Dolgin echoed that uncertainty but said the experience only strengthened her identity.

“Being in Israel during this time reminded me how important it is to stay proud of my Judaism when it’s being threatened,” she said. “There’s strength in staying connected.”

Alpert’s father, Rabbi Avi Alpert, echoed the concern – but also the importance of commitment.

“For a young Jew to show up real today, especially in a place as charged as Israel, means finding a connection that’s not defined by politics,” he said. “That starts in the community, around the Shabbat table, not on Twitter.”

The rabbi, who leads a congregation in Arizona, said he encourages students to find meaning in people, not policy.

“I tell them: Israeli government actions don’t define Judaism. Just like our own government doesn’t always represent us,” he said. “But I also remind them, don’t let global narratives erase what this place means to our people.”

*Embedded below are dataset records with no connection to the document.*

(* Let $A$ be a wqo and $n\in\mathbb{N}$. Then $\mathbf{w}(A\times \Gamma_n) = \mathbf{w}(A)\otimes n$.
   Context: A wqo (well quasi-order) is a quasi-order with no infinite bad sequence, where a sequence $x_0,x_1,\dots$ is bad if there are no $i<j$ with $x_i\le x_j$. Two elements $x,y$ are incomparable ($x\perp y$) if neither $x\le y$ nor $y\le x$. For a wqo $A$, let $\mathrm{Inco}(A)$ be the set of nonempty finite sequences of pairwise incomparable elements of $A$, viewed as a (well-founded) forest where $s\frown y$ is a child of $s$. Its rank function is $r(s)=\sup\{r(t)+1: t \text{ a child of } s\}$ (so leaves have rank $0$), and the width is $\mathbf{w}(A)=\sup_{s\in \mathrm{Inco}(A)}(r(s)+1)$ (with $\mathbf{w}(\emptyset)=0$). $\Gamma_n$ denotes the antichain with $n$ elements. Cartesian products $A\times B$ carry the componentwise order. $\otimes$ denotes the natural (Hessenberg) product of ordinals. *)

From Stdlib Require Import List Arith.
Import ListNotations.

Set Implicit Arguments.

(** * Ordinals as well-founded trees (Aczel / Brouwer style, arbitrary branching).
    [OSup I f] denotes the least ordinal strictly greater than every [f i],
    i.e. sup_i (f i + 1). *)
Inductive Ord : Type :=
| OSup : forall I : Type, (I -> Ord) -> Ord.
Arguments OSup : clear implicits.

(** [ole a b]: a <= b.  OSup I f <= OSup J g iff every f i is strictly below
    OSup J g, i.e. every f i <= some g j. *)
Fixpoint ole (a b : Ord) {struct a} : Prop :=
  match a, b with
  | OSup X f, OSup Y g => forall i, exists j, ole (f i) (g j)
  end.

Definition oeq (a b : Ord) : Prop := ole a b /\ ole b a.

Definition ozero : Ord := OSup Empty_set (fun e => match e with end).

(** Natural (Hessenberg) sum: a (+) b is the least ordinal strictly above all
    a' (+) b (a' < a) and a (+) b' (b' < b). *)
Fixpoint osum (a : Ord) : Ord -> Ord :=
  fix osum_a (b : Ord) : Ord :=
    match a, b with
    | OSup X f, OSup Y g =>
        OSup (X + Y)%type
             (fun k => match k with
                       | inl i => osum (f i) (OSup Y g)
                       | inr j => osum_a (g j)
                       end)
    end.

Fixpoint onat_mul (a : Ord) (n : nat) : Ord :=
  match n with
  | 0 => ozero
  | S m => osum (onat_mul a m) a
  end.

Definition quasi_order (A : Type) (le : A -> A -> Prop) : Prop :=
  (forall x, le x x) /\ (forall x y z, le x y -> le y z -> le x z).

Definition wqo (A : Type) (le : A -> A -> Prop) : Prop :=
  quasi_order le /\
  (forall f : nat -> A, exists i j, i < j /\ le (f i) (f j)).
Lemma mxstar_sign_mx k : mxstar (sign_mx k) = sign_mx k.
Proof.
rewrite /mxstar tr_diag_mx map_diag_mx; congr diag_mx.
by apply/rowP => j; rewrite !mxE rmorph_sign.
Qed.

Lemma unitary_sign_mx k : unitary_mx (sign_mx k).
Proof.
have SS : sign_mx k *m sign_mx k = 1%:M.
  apply/matrixP => a b; rewrite mul_diag_mx !mxE.
  by case: (a == b); case: (a == k); rewrite ?mulrNN ?mulr1 ?mulr0.
by rewrite /unitary_mx mxstar_sign_mx SS.
Qed.

Lemma sign_mx_conj_offdiag (X : 'M[R[i]]_n) i j : i != j ->
  (mxstar (sign_mx i) *m X *m sign_mx i) i j = - X i j.
Proof.
move=> ij; rewrite mxstar_sign_mx mul_mx_diag mul_diag_mx !mxE eqxx.
by rewrite eq_sym (negbTE ij) mulr1 mulN1r.
Qed.

Lemma mxstar_tperm_mx (i j : 'I_n) : mxstar (tperm_mx i j : 'M[R[i]]_n) = tperm_mx i j.
Proof. by rewrite /mxstar tr_tperm_mx map_tperm_mx. Qed.

Lemma unitary_tperm_mx (i j : 'I_n) : unitary_mx (tperm_mx i j : 'M[R[i]]_n).
Proof. by rewrite /unitary_mx mxstar_tperm_mx -perm_mxM tperm2 perm_mx1. Qed.

Lemma tperm_mx_conj_diag (X : 'M[R[i]]_n) i j :
  (mxstar (tperm_mx i j) *m X *m tperm_mx i j) i i = X j j.
Proof. by rewrite mxstar_tperm_mx -xcolE -xrowE !mxE tpermL. Qed.

End UnitaryMatrices.

Section BlockDiagonal.
Context {R : rcfType} {n d : nat}.
Implicit Type X : 'I_n -> 'M[R[i]]_d.

Definition blockdiag_mx X : 'M[R[i]]_(n * d) := \sum_v delta_mx v v *t X v.

Lemma blockdiag_mxE X i j k l :
  blockdiag_mx X (mxtens_index (i, k)) (mxtens_index (j, l)) = (i == j)%:R * X i k l.
Proof.
rewrite summxE (bigD1 i) //= big1 => [|v /negbTE vi]; last first.
  by rewrite tensmxE mxE eq_sym vi mul0r.
by rewrite addr0 tensmxE mxE eqxx eq_sym.
Qed.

Still, he acknowledged feeling uneasy about the current climate.

“As a parent, it’s terrifying,” he said. “I want my kids to feel safe, but I also think their desire to go, to witness it for themselves, is incredibly powerful. You can’t outsource experience.”

Not all Birthright participants witnessed missile strikes.

Some were relocated to hotels in Tel Aviv, Jerusalem and other smaller cities . Others waited out delays in lobbies. One trip leader called it “just a different chapter of the trip,” according to the Times of Israel.

Dinesman emphasized that Project DYNAMO avoids political alignment in its missions.

“We’re not here to talk about the strikes or who’s to blame,” he said. “We’re here to get people out. And we’ll come for anyone – not just Americans. If you need help, that’s all that matters.”

He reflected on his own connection to the region.

“My daughter’s coming to study” in Israel soon, he said. “We just learned we have 30 relatives who survived the Holocaust and rebuilt their lives in Israel. That connection outweighs the fear.”